Developing a college list is a deliberative process for College Track scholars, one that starts with declaring their dreams in 10th grade. As they later tour college campuses, explore academic programs, and write (and rewrite) their personal statements, scholars begin refining their ideas of what they want from their college experience. Guided by College Track’s coaches, they consider overall affordability, graduation rates, financial aid availability, and much more. Last year, College Track seniors applied to an average of eight schools each, and they celebrated an astonishing 98% acceptance rate to four-year universities.
To commemorate all that hard work, College Track has a longstanding tradition of having seniors ring a bell and announce where they’ve been accepted, as all the other scholars and staff cheer them on. Started in College Track’s inaugural center in East Palo Alto (EPA) around 2002, the tradition began with a cowbell that students would ring while sitting on a chair that staff called “the throne.” Bernadette Butler, College Track’s former National Director of Individual Philanthropy who was EPA’s Academic Affairs Director at the time, says: “We really just wanted to make it clear to all the scholars what a special moment this was—the end of one stage of their journey and the beginning of a new and exciting one.”

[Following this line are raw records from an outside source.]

Definition det (m : nat) (B : mat m) : R :=
  \big[Rplus/0%R]_(s : {perm 'I_m})
     ((-1) ^ (odd_perm s) * \big[Rmult/1%R]_(i < m) B i (s i)).

Definition opnorm (m : nat) (B : mat m) : R :=
  Rsup (fun r => exists v : vec m, vnorm v = 1 /\ r = vnorm (matvec B v)).

(* the inverse matrix when it exists (junk otherwise) *)
Definition invm (m : nat) (B : mat m) : mat m :=
  epsilon (inhabits (@idm m))
    (fun C => matmul B C = @idm m /\ matmul C B = @idm m).

(* J = [[0, -I_n], [I_n, 0]] of size 2n *)
Definition Jmat (n : nat) : mat (2 * n) :=
  fun i j =>
    if ((nat_of_ord i < n) && (nat_of_ord j == nat_of_ord i + n))%nat then -1
    else if ((n <= nat_of_ord i) && (nat_of_ord j + n == nat_of_ord i))%nat then 1
    else 0.

(* M symplectic : M^{-1} = J^t M J, i.e. J^t M J is a two-sided inverse of M *)
Definition symplectic (n : nat) (M : mat (2 * n)) : Prop :=
  let N := matmul (transp (@Jmat n)) (matmul M (@Jmat n)) in
  matmul M N = @idm (2 * n) /\ matmul N M = @idm (2 * n).

Definition pt (n : nat) := (vec (2 * n) * R)%type.

Definition origin (n : nat) : pt n := (fun _ => 0, 0).

Definition Hmul (n : nat) (z w : pt n) : pt n :=
  (fun i => fst z i + fst w i,
   snd z + snd w + 2 * dotv (matvec (@Jmat n) (fst z)) (fst w)).

Definition Hinv (n : nat) (z : pt n) : pt n := (fun i => - fst z i, - snd z).

Definition rho (n : nat) (z : pt n) : R :=
  sqrt (sqrt ((dotv (fst z) (fst z)) ^ 2 + (snd z) ^ 2)).

Definition Hdist (n : nat) (z w : pt n) : R := rho (Hmul (Hinv z) w).

Definition H_open (n : nat) (Om : pt n -> Prop) : Prop :=
  forall z, Om z -> exists r, 0 < r /\ forall w, Hdist z w < r -> Om w.

Definition shift_x (n : nat) (z : pt n) (i : 'I_(2 * n)) (s : R) : pt n :=
  (fun k => if k == i then fst z k + s else fst z k, snd z).
Definition shift_t (n : nat) (z : pt n) (s : R) : pt n := (fst z, snd z + s).

Definition Dx (n : nat) (i : 'I_(2 * n)) (psi : pt n -> R) (z : pt n) : R :=
  lim_deriv (fun s => psi (shift_x z i s)) 0.
Definition Dt (n : nat) (psi : pt n -> R) (z : pt n) : R :=
  lim_deriv (fun s => psi (shift_t z s)) 0.

Definition Xf (n : nat) (i : 'I_(2 * n)) (psi : pt n -> R) (z : pt n) : R :=
  Dx i psi z + 2 * matvec (@Jmat n) (fst z) i * Dt psi z.

Definition HessH (n : nat) (psi : pt n -> R) (z : pt n) : mat (2 * n) :=
  fun i j => (Xf i (Xf j psi) z + Xf j (Xf i psi) z) / 2.

Definition Qdim (n : nat) : R := INR (2 * n + 2).

Definition phiM (n : nat) (M : mat (2 * n)) (z : pt n) : R :=
  (dotv (matvec (invm M) (fst z)) (fst z)) ^ 2 + (snd z) ^ 2.

Definition alpha (n : nat) (delta : R) : R := (Qdim n - 2) / 4 + delta.

(* g(zeta) = -(1/alpha) phi_M(zeta)^{-alpha}  (only used for zeta <> 0) *)
Definition gfun (n : nat) (delta : R) (M : mat (2 * n)) (z : pt n) : R :=
  - (1 / alpha n delta) * Rpower (phiM M z) (- alpha n delta).

Definition symm (m : nat) (B : mat m) : Prop := forall i j, B i j = B j i.

Definition in_Mn (n : nat) (lam Lam : R) (Om : pt n -> Prop)
    (A : pt n -> mat (2 * n)) : Prop :=
  forall z, Om z ->
    symm (A z) /\ det (A z) = 1 /\
    (forall v : vec (2 * n),
       lam * dotv v v <= dotv (matvec (A z) v) v <= Lam * dotv v v).

Definition cont_at (n : nat) (Om : pt n -> Prop) (A : pt n -> mat (2 * n))
    (z0 : pt n) : Prop :=
  forall e, 0 < e -> exists r, 0 < r /\
    forall z, Om z -> Hdist z0 z < r -> opnorm (matsub (A z) (A z0)) < e.

Definition omegaA (n : nat) (Om : pt n -> Prop) (A : pt n -> mat (2 * n))
    (z0 : pt n) (eps : R) : R :=
  Rsup (fun r => exists z, Om z /\ Hdist z0 z < eps /\
                   r = opnorm (matsub (A z) (A z0))).

Definition modulus (om : R -> R) : Prop :=
  (forall s, 0 <= s < 1 -> 0 <= om s < 1) /\
  (forall s t, 0 <= s -> s <= t -> t < 1 -> om s <= om t) /\
  om 0 = 0 /\
  (forall e, 0 < e -> exists r, 0 < r /\ forall s, 0 < s < r -> om s < e).

Definition in_C (n : nat) (Om : pt n -> Prop) (om : R -> R)
    (A : pt n -> mat (2 * n)) : Prop :=
  (forall z, Om z -> cont_at Om A z) /\
  (forall z0 eps, Om z0 -> 0 < eps < 1 -> omegaA Om A z0 eps <= om eps).

From Pilot Require Import Defs.
From HB Require Import structures.
From mathcomp Require Import ssreflect ssrbool ssrfun eqtype ssrnat seq choice fintype bigop.
From mathcomp Require Import fingroup perm zify.
From Stdlib Require Import Reals ClassicalEpsilon Lra Lia FunctionalExtensionality.
From Coquelicot Require Import Coquelicot.
Set Implicit Arguments. Unset Strict Implicit.
Local Open Scope R_scope.

(* Write B = M^-1, u = <Bx, x> and P = 4u Bx + 4t Jx, the horizontal gradient of phi_M.
   Then D^2_H g = phi^(-a-1) (-(a+1)/phi P (x) P + 8 Bx (x) Bx + 4u B + 8 Jx (x) Jx).
   Since M is symplectic, B = J^t M J, so <M Bx, Bx> = <M Jx, Jx> = u, <M Bx, Jx> = 0 and
   tr (M B) = 2n, and the bracket paired with M equals 16 delta u.  Paired with A(z) it
   moves by at most |A(z) - M| C(n, delta, lambda) u, because |Bx|^2, |Jx|^2 <= u / lambda
   and |P|^2 <= 32 phi u / lambda; so it stays nonnegative when |A(z) - M| <= 16 delta / C,
   which holds on a ball whose radius is read off omega_A(z0; .) or omega. *)

HB.instance Definition _ := Monoid.isComLaw.Build R 0 Rplus
  (fun a b c => esym (Rplus_assoc a b c)) Rplus_comm Rplus_0_l.
HB.instance Definition _ := Monoid.isMulLaw.Build R 0 Rmult Rmult_0_l Rmult_0_r.
HB.instance Definition _ :=
  Monoid.isAddLaw.Build R Rmult Rplus Rmult_plus_distr_r Rmult_plus_distr_l.

Section RealSums.
Variable m : nat.
Implicit Types f g : 'I_m -> R.

Lemma eq_rsum f g : (forall i, f i = g i) -> rsum f = rsum g.
Proof. by move=> fg; apply: eq_bigr => i _. Qed.

Lemma rsumD f g : rsum (fun i => f i + g i) = rsum f + rsum g.
Proof. exact: big_split. Qed.

Lemma rsumZ c f : rsum (fun i => c * f i) = c * rsum f.
Proof. by rewrite /rsum big_distrr. Qed.

Lemma rsumN f : rsum (fun i => - f i) = - rsum f.
Proof. by rewrite (@eq_rsum _ (fun i => (-1) * f i)) ?rsumZ => [|i]; ring. Qed.

Lemma rsumB f g : rsum (fun i => f i - g i) = rsum f - rsum g.
Proof. by rewrite /Rminus -rsumN -rsumD. Qed.

Lemma rsum_const c : rsum (fun _ : 'I_m => c) = INR m * c.
Proof.
rewrite /rsum big_const_ord; elim: m => [|k IH]; first by rewrite /=; ring.
by rewrite S_INR /= IH; ring.
Qed.

Lemma rsum_delta_r (i : 'I_m) f : rsum (fun k => f k * (if k == i then 1 else 0)) = f i.
Proof.
transitivity (rsum (fun k => if k == i then f k else 0)).
  by apply: eq_rsum => k; case: (k == i); ring.
by rewrite /rsum -big_mkcond big_pred1_eq.
Qed.

Lemma rsum_delta_l (i : 'I_m) f : rsum (fun k => (if i == k then 1 else 0) * f k) = f i.
Proof.
by rewrite -(rsum_delta_r i f); apply: eq_rsum => k; rewrite eq_sym; ring.
Qed.

Lemma exchange_rsum (F : 'I_m -> 'I_m -> R) :
  rsum (fun i => rsum (fun j => F i j)) = rsum (fun j => rsum (fun i => F i j)).
Proof. exact: exchange_big. Qed.

Lemma rsum_ge0 f : (forall i, 0 <= f i) -> 0 <= rsum f.
Proof. by move=> f_ge0; rewrite /rsum; elim/big_ind: _ => // [|x y]; lra. Qed.

Lemma ler_rsum f g : (forall i, f i <= g i) -> rsum f <= rsum g.
Proof.
move=> fg; have : 0 <= rsum (fun i => g i - f i) by apply: rsum_ge0 => i; have := fg i; lra.
rewrite rsumB; lra.
Qed.

Lemma rsum_abs_le f g : (forall i, Rabs (f i) <= g i) -> Rabs (rsum f) <= rsum g.
Proof.
move=> fg; have fg' i := proj1 (Rabs_le_between _ _) (fg i).
by apply: Rabs_le; split; rewrite -?rsumN; apply: ler_rsum => i; have := fg' i; lra.
Qed.

Lemma rsum_gt0 f : (forall i, 0 <= f i) -> (exists i, 0 < f i) -> 0 < rsum f.
Proof.
move=> f_ge0 [i fi_gt0]; rewrite /rsum (bigD1 i) //=.
by apply: Rplus_lt_le_0_compat => //; elim/big_ind: _ => // [|x y]; lra.
Qed.
End RealSums.

Section LinearAlgebra.
Variable m : nat.
Implicit Types (a b c : R) (u v w : vec m) (C D E : mat m).

Definition sqnorm v : R := dotv v v.
Definition qform C v w : R := dotv (matvec C v) w.
Definition lincomb a v b w : vec m := fun k => a * v k + b * w k.
Definition uvec (i : 'I_m) : vec m := fun k => if k == i then 1 else 0.

Lemma dotvC v w : dotv v w = dotv w v.
Proof. by apply: eq_rsum => i; ring. Qed.

Lemma dotv_lincombl a b u v w :
  dotv (lincomb a u b v) w = a * dotv u w + b * dotv v w.
Proof. by rewrite /dotv -!rsumZ -rsumD; apply: eq_rsum => i; rewrite /lincomb; ring. Qed.

Lemma dotv_lincombr a b u v w :
  dotv w (lincomb a u b v) = a * dotv w u + b * dotv w v.
Proof. by rewrite dotvC dotv_lincombl (dotvC u) (dotvC v). Qed.

Lemma matvec_lincomb C a b v w :
  matvec C (lincomb a v b w) = lincomb a (matvec C v) b (matvec C w).
Proof.
apply: functional_extensionality => i.
by rewrite /matvec /lincomb -!rsumZ -rsumD; apply: eq_rsum => k; ring.
Qed.

Lemma qform_lincomb C a v b w :
  qform C (lincomb a v b w) (lincomb a v b w) =
  a * (a * qform C v v + b * qform C v w) + b * (a * qform C w v + b * qform C w w).
Proof. by rewrite /qform matvec_lincomb dotv_lincombl !dotv_lincombr. Qed.

Lemma sqnorm_lincomb a v b w :
  sqnorm (lincomb a v b w) = a ^ 2 * sqnorm v + 2 * a * b * dotv v w + b ^ 2 * sqnorm w.
Proof. by rewrite /sqnorm dotv_lincombl !dotv_lincombr (dotvC w v); ring. Qed.

Lemma sqnorm_ge0 v : 0 <= sqnorm v.
Proof. by apply: rsum_ge0 => i; nra. Qed.

Lemma sqnorm_lincomb_le a v b w :
  sqnorm (lincomb a v b w) <= 2 * (a ^ 2 * sqnorm v + b ^ 2 * sqnorm w).
Proof.
have := sqnorm_ge0 (lincomb a v (- b) w).
rewrite !sqnorm_lincomb; lra.
Qed.

Lemma matvec_matmul C D v : matvec (matmul C D) v = matvec C (matvec D v).
Proof.
apply: functional_extensionality => i; rewrite /matvec /matmul.
transitivity (rsum (fun j => rsum (fun k => C i k * D k j * v j))).
  by apply: eq_rsum => j; rewrite Rmult_comm -rsumZ; apply: eq_rsum => k; ring.
by rewrite exchange_rsum; apply: eq_rsum => k; rewrite -rsumZ; apply: eq_rsum => j; ring.
Qed.

Lemma matmulA C D E : matmul C (matmul D E) = matmul (matmul C D) E.
Proof.
apply: functional_extensionality => i; apply: functional_extensionality => j.
rewrite /matmul; transitivity (rsum (fun k => rsum (fun l => C i l * D l k * E k j))).
  by rewrite exchange_rsum; apply: eq_rsum => l; rewrite -rsumZ; apply: eq_rsum => k; ring.
by apply: eq_rsum => k; rewrite Rmult_comm -rsumZ; apply: eq_rsum => l; ring.
Qed.

Lemma matmul1mx C : matmul (@idm m) C = C.
Proof. by do 2 apply: functional_extensionality => ?; exact: rsum_delta_l. Qed.

Lemma matmulmx1 C : matmul C (@idm m) = C.
Proof. by do 2 apply: functional_extensionality => ?; exact: rsum_delta_r. Qed.

Lemma matvec1 v : matvec (@idm m) v = v.
Proof. by apply: functional_extensionality => i; exact: rsum_delta_l. Qed.

Lemma qform_transp C v w : qform C v w = dotv v (matvec (transp C) w).
Proof.
rewrite /qform /dotv /matvec /transp.
transitivity (rsum (fun i => rsum (fun k => C i k * v k * w i))).
  by apply: eq_rsum => i; rewrite Rmult_comm -rsumZ; apply: eq_rsum => k; ring.
by rewrite exchange_rsum; apply: eq_rsum => k; rewrite -rsumZ; apply: eq_rsum => j; ring.
Qed.

Lemma transp_symm C : symm C -> transp C = C.
Proof. by move=> sC; do 2 apply: functional_extensionality => ?; rewrite /transp sC. Qed.

Lemma qformC C v w : symm C -> qform C v w = qform C w v.
Proof. by move=> sC; rewrite qform_transp transp_symm // dotvC. Qed.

College Track East Palo Alto moved from that cowbell to a gong that seniors would strike after they submitted a college application—which could be very late at night. It now has a dedicated senior bell installed outside of the senior room. “It is very sacred, and students know its bad juju to ring it before they are seniors,” says Site Director June Afshar. She adds that in May, “Seniors announce where they have decided to attend during [our community] circle, as we want all of the younger students to see where they will be in a few short years.”
At the Durant Center, College Track’s center in Suitland, Maryland, which just sent its first class off to college in June 2022, the bell-ringing tradition is only in its second year. “Our seniors are proud of their peers, and our younger students are inspired to see the hard work really paying off,” says Site Director Johnel Trammell. It’s easy for our younger students to lose sight of the end goal of college when they’re in the thick of things in high school, so the bell ringing really helps bring everything into perspective for them.”
Not all College Track locations have a senior bell. But they all celebrate that incredible milestone moment of being accepted to a college for which scholars have spent years preparing themselves academically, socially, and emotionally. At College Track Watts, students write where they got admitted on the senior wall, as classmates share in a round of applause.
Other centers have had their bells so long that they’ve invented new traditions around them. During College Track San Francisco’s New Student Orientation this year, the incoming group was introduced to the bell on the center’s second floor mezzanine, then asked to proclaim their dream college from the second floor while the staff and their families cheered from the bottom.
”No ringing of the bell yet, of course,” says Site Director Katherine DeVinna. For that special moment, they will have to wait—their hard work will pay off in due time.